Проклятье, связанное с Потопом, выглядит также весьма странно: получается, люди плохи, потому что красивы: «Когда люди начали умножаться на земле и родились у них дочери, тогда сыны Божии увидели дочерей человеческих, что они красивы, и брали их себе в жены, какую кто избрал. И сказал Господь [Бог]: не вечно Духу Моему быть пренебрегаемым человеками [сими], потому что они плоть; пусть будут дни их сто двадцать лет. В то время были на земле исполины, особенно же с того времени, как сыны Божии стали входить к дочерям человеческим, и они стали рождать им: это сильные, издревле славные люди. И увидел Господь [Бог], что велико развращение человеков на земле, и что все мысли и помышления сердца их были зло во всякое время; и раскаялся Господь, что создал человека на земле, и восскорбел в сердце Своем. И сказал Господь: истреблю с лица земли человеков, которых Я сотворил, от человека до скотов, и гадов и птиц небесных истреблю, ибо Я раскаялся, что создал их. Ной же обрел благодать пред очами Господа [Бога].» (Быт. 6.1—8)

Насколько были серьёзны причины гнева Божия: если исходить из современных нравов, то ничего предосудительного в их поведении, особенно в поведении мужчин, а уж тем более – в поведении всех и всяческих тварей, живущих по вменённым им инстинктам и законам, не было. Вероятно, поэтому так отходчив был Бог: «И устроил Ной жертвенник Господу; и взял из всякого скота чистого и из всех птиц чистых и принес во всесожжение на жертвеннике. И обонял Господь приятное благоухание, и сказал Господь [Бог] в сердце Своем: не буду больше проклинать землю за человека, потому что помышление сердца человеческого – зло от юности его; и не буду больше поражать всего живущего, как Я сделал: впредь во все дни земли сеяние и жатва, холод и зной, лето и зима, день и ночь не прекратятся.» (Быт. 8. 20—22)

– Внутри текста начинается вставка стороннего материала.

Lemma oscillator_vanishes eta : 0 < eta ->
  exists T, forall t, T <= t -> Rabs (q t) <= eta /\ Rabs (p t) <= eta.
Proof.
  intros Heta.
  set (target := Rmin (kap * eta ^ 2) (eta ^ 2 / 2)).
  assert (Htarget : 0 < target).
  { assert (0 < eta ^ 2) by (apply pow_lt; lra).
    apply Rmin_glb_lt; [apply Rmult_lt_0_compat|]; lra. }
  assert (HE0 : 0 <= E 0).
  { eapply Rle_trans; [|apply oscillator_energy_ge]. pose proof (pow2_ge_0 (p 0)).
    pose proof (pow2_ge_0 (q 0)). nra. }
  assert (Hrate : 0 < rate).
  { apply Rdiv_lt_0_compat; [lra|]. assert (0 <= kad ^ 2 / kap) by (apply Rdiv_le_0_compat; nra).
    lra. }
  destruct (affine_mul_exp_eventually_le (E 0) 0 rate target HE0 (Rle_refl 0) Hrate Htarget)
    as [T HT].
  exists (Rmax T 0). intros t Ht.
  assert (HEt : E t <= target).
  { specialize (HT t (Rle_trans _ _ _ (Rmax_l T 0) Ht)).
    rewrite Rmult_0_l, Rplus_0_r in HT.
    eapply Rle_trans; [apply oscillator_energy_exp_decay | exact HT].
    exact (Rle_trans _ _ _ (Rmax_r T 0) Ht). }
  pose proof (oscillator_energy_ge kap kad (q t) (p t)) as Hge. unfold E in HEt.
  assert (Hmin1 : target <= kap * eta ^ 2) by apply Rmin_l.
  assert (Hmin2 : target <= eta ^ 2 / 2) by apply Rmin_r.
  pose proof (pow2_ge_0 (p t)).
  assert (0 <= kap * q t ^ 2) by (apply Rmult_le_pos; [lra | apply pow2_ge_0]).
  assert (Hq : q t ^ 2 <= eta ^ 2) by (apply (Rmult_le_reg_l kap); lra).
  assert (Hp : p t ^ 2 <= eta ^ 2) by lra.
  rewrite <- (Rabs_pos_eq eta) by lra.
  split; apply Rsqr_le_abs_0; unfold Rsqr; simpl in *; lra.
Qed.

End DampedOscillator.

Section Observer.

Variables (wo Lf : R) (f g : R -> R).
Hypotheses (wo_gt0 : 0 < wo) (Lf_ge0 : 0 <= Lf).
Hypothesis f_lipschitz :
  forall s t, 0 <= s -> 0 <= t -> Rabs (f t - f s) <= Lf * Rabs (t - s).
Hypothesis g_deriv : forall s, 0 < s -> is_derive g s (wo * (f s - g s)).

Lemma observer_error_bound t0 t : 0 < t0 -> t0 <= t ->
  Rabs (f t - g t)
  <= Lf / wo + exp (- (wo * (t - t0))) * (Rabs (f t0 - g t0) + Lf * (t - t0)).
Proof.
  intros Ht0 Ht.
  pose proof (exp_pos (wo * t)) as Et. pose proof (exp_pos (wo * t0)) as Et0.
  (* Freezing f at the final time t leaves only f s - f t, which the Lipschitz bound controls. *)
  assert (Hcmp : Rabs (exp (wo * t) * (g t - f t) - exp (wo * t0) * (g t0 - f t))
                 <= Lf * exp (wo * t) * (t - t + / wo) - Lf * exp (wo * t0) * (t - t0 + / wo)).
  { apply (Rabs_sub_le_of_is_derive (fun s => exp (wo * s) * (g s - f t))
      (fun s => wo * exp (wo * s) * (f s - f t))
      (fun s => Lf * exp (wo * s) * (t - s + / wo))
      (fun s => Lf * wo * exp (wo * s) * (t - s))); [easy | | |].
    - intros s Hs. auto_derive.
      + exists (wo * (f s - g s)). apply g_deriv. lra.
      + change (fun y => g y) with g.
        rewrite (is_derive_unique _ _ _ (g_deriv s ltac:(lra))). field.
    - intros s Hs. auto_derive; [easy | field; lra].
    - intros s Hs. pose proof (exp_pos (wo * s)).
      specialize (f_lipschitz s t ltac:(lra) ltac:(lra)).
      rewrite (Rabs_pos_eq (t - s)) in f_lipschitz by lra.
      rewrite !Rabs_mult, (Rabs_pos_eq wo), (Rabs_pos_eq (exp _)), (Rabs_minus_sym (f s)) by lra.
      replace (Lf * wo * exp (wo * s) * (t - s)) with (wo * exp (wo * s) * (Lf * (t - s)))
        by ring.
      apply Rmult_le_compat_l; [apply Rmult_le_pos|]; lra. }
  assert (Hend : 0 <= Lf * exp (wo * t0) * (t - t0 + / wo)).
  { pose proof (Rinv_0_lt_compat wo wo_gt0).
    apply Rmult_le_pos; [apply Rmult_le_pos|]; lra. }
  replace (Lf * exp (wo * t) * (t - t + / wo)) with (Lf * exp (wo * t) / wo) in Hcmp
    by (field; lra).
  assert (Hinit : Rabs (g t0 - f t) <= Rabs (f t0 - g t0) + Lf * (t - t0)).
  { specialize (f_lipschitz t0 t ltac:(lra) ltac:(lra)).
    rewrite (Rabs_pos_eq (t - t0)) in f_lipschitz by lra.
    replace (g t0 - f t) with (- (f t0 - g t0) - (f t - f t0)) by ring.
    eapply Rle_trans; [apply Rabs_triang|]. rewrite !Rabs_Ropp. lra. }
  assert (Hscaled : exp (wo * t) * Rabs (f t - g t)
          <= Lf * exp (wo * t) / wo + exp (wo * t0) * (Rabs (f t0 - g t0) + Lf * (t - t0))).
  { rewrite <- (Rabs_pos_eq (exp (wo * t))) at 1 by lra. rewrite <- Rabs_mult.
    replace (exp (wo * t) * (f t - g t)) with
      (- (exp (wo * t) * (g t - f t) - exp (wo * t0) * (g t0 - f t))
       - exp (wo * t0) * (g t0 - f t)) by ring.
    eapply Rle_trans; [apply Rabs_triang|].
    rewrite !Rabs_Ropp, Rabs_mult, (Rabs_pos_eq (exp (wo * t0))) by lra.
    apply (Rmult_le_compat_l (exp (wo * t0))) in Hinit; lra. }
  replace (- (wo * (t - t0))) with (wo * t0 + - (wo * t)) by ring.
  rewrite exp_plus, exp_Ropp.
  apply (Rmult_le_reg_l (exp (wo * t))); [easy|].
  eapply Rle_trans; [exact Hscaled|].
  right. field. lra.
Qed.

Lemma observer_error_eventually_le eta : 0 < eta ->
  exists T, 1 <= T /\ forall s, T <= s -> Rabs (f s - g s) <= Lf / wo + eta.
Proof.
  intros Heta.
  destruct (affine_mul_exp_eventually_le (Rabs (f 1 - g 1)) Lf wo eta
              (Rabs_pos _) Lf_ge0 wo_gt0 Heta) as [T HT].
  exists (Rmax 1 (T + 1)). split; [apply Rmax_l|].
  intros s Hs.
  pose proof (Rmax_l 1 (T + 1)). pose proof (Rmax_r 1 (T + 1)).
  pose proof (observer_error_bound 1 s ltac:(lra) ltac:(lra)).
  specialize (HT (s - 1) ltac:(lra)).
  lra.
Qed.

Lemma observer_error_locally_bounded T :
  exists K, forall s, 1 <= s <= T -> Rabs (f s - g s) <= K.
Proof.
  exists (Lf / wo + (Rabs (f 1 - g 1) + Lf * Rabs (T - 1))).
  intros s Hs.
  eapply Rle_trans; [apply (observer_error_bound 1 s); lra|].
  apply Rplus_le_compat_l.
  assert (Hexp : exp (- (wo * (s - 1))) <= 1).
  { pose proof (exp_ineq1_le (wo * (s - 1))).
    assert (0 <= wo * (s - 1)) by (apply Rmult_le_pos; lra).
    apply (Rmult_le_reg_r (exp (wo * (s - 1)))); [apply exp_pos|].
    rewrite <- exp_plus, Rplus_opp_l, exp_0. lra. }
  assert (Lf * (s - 1) <= Lf * Rabs (T - 1))
    by (apply Rmult_le_compat_l; [easy | rewrite Rabs_pos_eq; lra]).
  pose proof (Rabs_pos (f 1 - g 1)).
  assert (0 <= Lf * (s - 1)) by (apply Rmult_le_pos; lra).
  apply Rle_trans with (1 * (Rabs (f 1 - g 1) + Lf * (s - 1))).
  - apply Rmult_le_compat_r; lra.
  - lra.
Qed.

End Observer.

Section VariationOfConstants.

Variables (kap kad : R) (h h' : R -> R).
Hypotheses (kap_gt0 : 0 < kap) (kad_gt0 : 0 < kad).
Hypothesis h_deriv : forall t, is_derive h t (h' t).
Hypothesis h'_deriv : forall t, is_derive h' t (- kad * h' t - kap * h t).
Hypotheses (h_0 : h 0 = 0) (h'_0 : h' 0 = 1).

(* The value at time tau of the solution of q'' + kad q' + kap q = 0 with q(0) = q0,
   q'(0) = p0. *)
Definition free_response (q0 p0 tau : R) : R := h tau * p0 + (h' tau + kad * h tau) * q0.

Lemma free_response_0 q0 p0 : free_response q0 p0 0 = q0.
Proof. unfold free_response. rewrite h_0, h'_0. ring. Qed.

Lemma Rabs_free_response_le q0 p0 tau eta :
  Rabs (h tau) <= eta -> Rabs (h' tau) <= eta ->
  Rabs (free_response q0 p0 tau) <= eta * (Rabs p0 + (1 + kad) * Rabs q0).
Proof.
  intros Hh Hh'. unfold free_response.
  eapply Rle_trans; [apply Rabs_triang|].
  rewrite !Rabs_mult.
  eapply Rle_trans; [apply Rplus_le_compat_l, Rmult_le_compat_r, Rabs_triang; apply Rabs_pos|].
  rewrite Rabs_mult, (Rabs_pos_eq kad) by lra.
  pose proof (Rabs_pos p0). pose proof (Rabs_pos q0).
  assert (Rabs (h tau) * Rabs p0 <= eta * Rabs p0) by (apply Rmult_le_compat_r; lra).
  assert ((Rabs (h' tau) + kad * Rabs (h tau)) * Rabs q0 <= (eta + kad * eta) * Rabs q0)
    by (apply Rmult_le_compat_r; nra).
  lra.
Qed.

Variables (e e' F : R -> R).
Hypothesis e_deriv : forall s, 0 < s -> is_derive e s (e' s).
Hypothesis e'_deriv : forall s, 0 < s -> is_derive e' s (F s - kap * e s - kad * e' s).

(* Variation of constants without integrating F: the free response at time t of the state
   reached at time s varies in s exactly by the convolution integrand h (t - s) F s. *)
Lemma free_response_state_is_derive t s : 0 < s ->
  is_derive (fun s => free_response (e s) (e' s) (t - s)) s (h (t - s) * F s).
Proof.
  intros Hs. unfold free_response. auto_derive.
  - repeat split; eexists; eauto.
  - change (fun y => h y) with h. change (fun y => h' y) with h'.
    change (fun y => e y) with e. change (fun y => e' y) with e'.
    rewrite (is_derive_unique _ _ _ (h_deriv _)), (is_derive_unique _ _ _ (h'_deriv _)),
      (is_derive_unique _ _ _ (e_deriv s Hs)), (is_derive_unique _ _ _ (e'_deriv s Hs)).
    replace (t + - s) with (t - s) by ring. field.
Qed.

Let W t s := free_response (e s) (e' s) (t - s).

Lemma free_response_state_sub_small_kernel t a b eta K : 0 < a <= b ->
  (forall s, a <= s <= b -> Rabs (h (t - s)) <= eta /\ Rabs (F s) <= K) ->
  Rabs (W t b - W t a) <= K * eta * (b - a).
Proof.
  intros Hab Hsmall.
  replace (K * eta * (b - a)) with (K * eta * b - K * eta * a) by ring.
  apply (Rabs_sub_le_of_is_derive (W t) (fun s => h (t - s) * F s)
           (fun s => K * eta * s) (fun _ => K * eta)); [lra | | |].
  - intros s Hs. apply free_response_state_is_derive. lra.
  - intros s Hs. auto_derive; [easy | ring].
  - intros s Hs. destruct (Hsmall s Hs) as [Hh HF].
    rewrite Rabs_mult, (Rmult_comm K).
    apply Rmult_le_compat; auto using Rabs_pos.
Qed.

Lemma Rabs_h_continuous u : continuous (fun u => Rabs (h u)) u.
Proof.
  apply continuous_Rabs_comp, (ex_derive_continuous (V := R_NormedModule)).
  eexists. apply h_deriv.
Qed.

Lemma free_response_state_sub_L1 (t a C normh : R) : 0 < a <= t ->
  is_RInt_gen (fun u => Rabs (h u)) (at_point 0) (Rbar_locally p_infty) normh ->
  (forall s, a <= s <= t -> Rabs (F s) <= C) ->
  Rabs (W t t - W t a) <= C * normh.
Proof.
  intros Hat Hnormh HF.
  set (N := fun b => RInt (fun u => Rabs (h u)) 0 b : R).
  assert (HN : forall b, is_derive N b (Rabs (h b))).
  { intros b. apply (is_derive_RInt (fun u => Rabs (h u)) N 0 b); [|apply Rabs_h_continuous].
    apply filter_forall. intros c.
    apply (RInt_correct (V := R_CompleteNormedModule)),
      (ex_RInt_continuous (V := R_CompleteNormedModule)).
    intros; apply Rabs_h_continuous. }
  assert (HNle : N (t - a) <= normh).
  { apply (RInt_le_is_RInt_gen _ 0); auto using Rabs_h_continuous, Rabs_pos. lra. }
  assert (HC : 0 <= C) by (eapply Rle_trans; [apply Rabs_pos | apply (HF a); lra]).
  eapply Rle_trans.
  { apply (Rabs_sub_le_of_is_derive (W t) (fun s => h (t - s) * F s)
             (fun s => - C * N (t - s)) (fun s => C * Rabs (h (t - s)))); [lra | | |].
    - intros s Hs. apply free_response_state_is_derive. lra.
    - intros s _. auto_derive.
      + exists (Rabs (h (t + - s))). apply HN.
      + change (fun y => N y) with N. rewrite (is_derive_unique _ _ _ (HN _)).
        replace (t + - s) with (t - s) by ring. ring.
    - intros s Hs. rewrite Rabs_mult, Rmult_comm.
      apply Rmult_le_compat_r; [apply Rabs_pos | apply HF; lra]. }
  assert (N0 : N 0 = 0) by (unfold N; rewrite RInt_point; reflexivity).
  replace (t - t) with 0 by ring. rewrite N0.
  apply (Rmult_le_compat_l C) in HNle; lra.
Qed.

Завет, данный Ною, фактически ничем не отличался от предыдущего в отношении людей, но многократно обязывал Бога более не устраивать Потопа и даже возникло предостережение от него в виде радуги: «И благословил Бог Ноя и сынов его и сказал им: плодитесь и размножайтесь, и наполняйте землю [и обладайте ею]; да страшатся и да трепещут вас все звери земные, [и весь скот земной,] и все птицы небесные, все, что движется на земле, и все рыбы морские: в ваши руки отданы они все движущееся, что живет, будет вам в пищу; как зелень травную даю вам все; только плоти с душею ее, с кровью ее, не ешьте; Я взыщу и вашу кровь, в которой жизнь ваша, взыщу ее от всякого зверя, взыщу также душу человека от руки человека, от руки брата его; кто прольет кровь человеческую, того кровь прольется рукою человека: ибо человек создан по образу Божию; вы же плодитесь и размножайтесь, и распространяйтесь по земле, и умножайтесь на ней. И сказал Бог Ною и сынам его с ним: вот, Я поставляю завет Мой с вами и с потомством вашим после вас, и со всякою душею живою, которая с вами, с птицами и со скотами, и со всеми зверями земными, которые у вас, со всеми вышедшими из ковчега, со всеми животными земными; поставляю завет Мой с вами, что не будет более истреблена всякая плоть водами потопа, и не будет уже потопа на опустошение земли. И сказал [Господь] Бог: вот знамение завета, который Я поставляю между Мною и между вами и между всякою душею живою, которая с вами, в роды навсегда: Я полагаю радугу Мою в облаке, чтоб она была знамением [вечного] завета между Мною и между землею. И будет, когда Я наведу облако на землю, то явится радуга [Моя] в облаке; и Я вспомню завет Мой, который между Мною и между вами и между всякою душею живою во всякой плоти; и не будет более вода потопом на истребление всякой плоти. И будет радуга [Моя] в облаке, и Я увижу ее, и вспомню завет вечный между Богом [и между землею] и между всякою душею живою во всякой плоти, которая на земле. И сказал Бог Ною: вот знамение завета, который Я поставил между Мною и между всякою плотью, которая на земле.» (Быт.9.1—17)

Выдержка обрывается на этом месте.